The symposium included a day of technical visits when the morning was spent at the Strawberry Expo which included a strawberry festival (but still none to eat!). Apparently the bees were a bit tired or lazy and so girls were employed, complete with camel hair paint brushes to do the work of the bees. The afternoon was spent visiting 2 strawberry gardens which were fascinating. Round Beijing strawberries are grown in ‘Solar Houses’ which capture heat on a north facing wall and black polythene covering the soil and have polythene half tunnels covering the plants. At night, when the sun goes down, the heat is conserved in the houses and kept above 6º by a cotton blanket which is rolled down over the polythene. The first garden that we visited was a cooperative of 140 farmers and basically ‘organic’ using a wide range of biocontrol measures. Here the bees were working well and there was plenty of fruit which we were allowed to sample!

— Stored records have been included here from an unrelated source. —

(* Let $0<\lambda_1<\cdots<\lambda_n$ be real numbers and let $r>0$. Then the $n\times n$ matrices \[ \left[\frac{1}{\mathcal A(\lambda_i,\lambda_j)^r}\right],\quad \left[H(\lambda_i,\lambda_j)^r\right],\quad \left[\frac{1}{\mathcal H_\nu(\lambda_i,\lambda_j)^r}\right]\ (0\leq\nu\leq 1,\ \nu\neq\tfrac12),\quad \left[\frac{1}{\mathcal B_\alpha(\lambda_i,\lambda_j)^r}\right]\ (0<\alpha<\infty) \] are totally positive, and the matrices \[ \left[\frac{1}{\mathcal H_{1/2}(\lambda_i,\lambda_j)^r}\right]\ \left(=\left[\frac{1}{\mathcal B_0(\lambda_i,\lambda_j)^r}\right]\right)\quad\text{and}\quad \left[\frac{1}{\mathcal B_\infty(\lambda_i,\lambda_j)^r}\right] \] are totally nonnegative.
   Context: For positive reals $a,b$: the arithmetic mean $\mathcal A(a,b)=\frac{a+b}{2}$; the harmonic mean $H(a,b)=\frac{2ab}{a+b}$; the Heinz mean $\mathcal H_\nu(a,b)=\frac{a^\nu b^{1-\nu}+a^{1-\nu}b^\nu}{2}$ for $0\leq\nu\leq1$; the binomial mean $\mathcal B_\alpha(a,b)=\left(\frac{a^\alpha+b^\alpha}{2}\right)^{1/\alpha}$ for real $\alpha\neq0$, with $\mathcal B_0(a,b)=\sqrt{ab}$ and $\mathcal B_\infty(a,b)=\max(a,b)$. All matrices are indexed by $i,j=1,\ldots,n$. A matrix is totally positive (resp. totally nonnegative) if all its minors are positive (resp. nonnegative). *)

From mathcomp Require Import all_boot all_order all_algebra.
From mathcomp Require Import reals exp.
Set Implicit Arguments. Unset Strict Implicit. Unset Printing Implicit Defensive.
Import Order.TTheory GRing.Theory Num.Theory.
Local Open Scope ring_scope.

Section Means.
Variable R : realType.

Definition amean (a b : R) : R := (a + b) / 2.
Definition hmean (a b : R) : R := 2 * a * b / (a + b).
Definition heinz (nu a b : R) : R :=
  (powR a nu * powR b (1 - nu) + powR a (1 - nu) * powR b nu) / 2.
(* binomial mean, alpha <> 0 *)
Definition binmean (alpha a b : R) : R :=
  powR ((powR a alpha + powR b alpha) / 2) alpha^-1.
Definition binmean0 (a b : R) : R := Num.sqrt (a * b).
Definition binmeanInf (a b : R) : R := Num.max a b.

Definition minor (n k : nat) (A : 'M[R]_n) (f g : 'I_k -> 'I_n) : R :=
  \det (\matrix_(i < k, j < k) A (f i) (g j)).

Definition strictly_incr (n k : nat) (f : 'I_k -> 'I_n) : Prop :=
  forall i j : 'I_k, (i < j)%N -> (f i < f j)%N.

Definition totally_positive (n : nat) (A : 'M[R]_n) : Prop :=
  forall (k : nat) (f g : 'I_k -> 'I_n),
    (0 < k)%N -> strictly_incr f -> strictly_incr g -> 0 < minor A f g.

Definition totally_nonnegative (n : nat) (A : 'M[R]_n) : Prop :=
  forall (k : nat) (f g : 'I_k -> 'I_n),
    (0 < k)%N -> strictly_incr f -> strictly_incr g -> 0 <= minor A f g.

End Means.

From mathcomp Require Import all_boot all_order all_algebra.
From mathcomp Require Import boolp functions reals normedtype derive realfun exp.
From mathcomp Require Import ring lra.
(* Each matrix is, up to positive diagonal scalings, a generalized Cauchy matrix
   [(x_i + x_j)^-s] with 0 < x_1 < ... < x_n, a rank-one matrix, or a matrix
   [min (w_i, w_j)] with w nonincreasing; these shapes pass to submatrices.
   For the Cauchy kernel, expand det [(x_i + y_j)^-s] along the first row as a
   function of t = x_1: it is f(t) = sum_j c_j (t + y_j)^-s, which vanishes at
   x_2, ..., x_k. Multiplying by (t + y_k)^s and applying Rolle shows, by
   induction on the number of terms (with s raised to s + 1), that such a sum
   of k terms vanishing at k points is trivial; so f has no zero on (-y_1, x_2).
   As c_1 > 0 by induction on k, f is positive near the pole -y_1, hence at x_1.
   Minors of min matrices are nonnegative by subtracting the second row from the
   first and expanding. *)

Set Implicit Arguments. Unset Strict Implicit. Unset Printing Implicit Defensive.
Import Order.TTheory GRing.Theory Num.Theory numFieldNormedType.Exports.
Local Open Scope ring_scope.

Section CauchyPowerKernel.
Variable R : realType.

Lemma powR_subr1 (x e : R) : 0 < x -> powR x e = powR x (e - 1) * x.
Proof.
by move=> x0; rewrite -[X in _ * X](powRr1 (ltW x0)) -powRD ?subrK // (gt_eqF x0) implybT.
Qed.

Lemma powRN_le (s x y : R) : 0 <= s -> 0 < x -> x <= y -> powR y (-s) <= powR x (-s).
Proof.
move=> s0 x0 xy; rewrite !powRN lef_pV2 ?posrE ?powR_gt0 ?(lt_le_trans x0) //.
by apply: ge0_ler_powR; rewrite // nnegrE ltW ?(lt_le_trans x0).
Qed.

The second garden was a ‘you pick’ garden (the equivalent of pick your own) which is apparently very popular as a day out. There was great excitement amongst the delegates here as we were all given a large box of strawberries to take away! After the Symposium my trip continued with a visit to China Agriculture University in Beijing, and an official meeting in Beijing. The final stage of the trip was a flight for me to Hohot in Inner Mongolia where I gave presentations both at the Institute of Agronomy and Animal Husbandry and at the Agricultural University.
I also received an honorary Professorship at the Institute, which has a Memorandum of Understanding with the University of Hertfordshire.
I was very fortunate that my research student Xiaolei Jin was able to come to the symposium with me and also I was able to see a couple of former students whilst I was in Beijing who made sure that I did some sight seeing. They even took me to see the preserved body of Chairman Mao, and were surprised to find that as a student in the sixties in the UK I had some knowledge of him and his activities!!! The most unexpected event was arriving at the hotel of China Agriculture University, and being met by Professor Z L, who told me to sit down, and said ‘XY (a former student) will be here in 3 minutes’ and he was, having flown to Beijing for the day from Wuhan and when we worked out that neither XY nor I had been to the Great Wall, we went that day whilst Professor ZL waited all day for an important phone call!
I would like to thank the BSPP for their assistance of a Travel Award to enable me to attend the symposium. My whole trip to China was very stimulating and I look forward to further visits and collaboration with researchers in China as well as the ICPP in August 2013.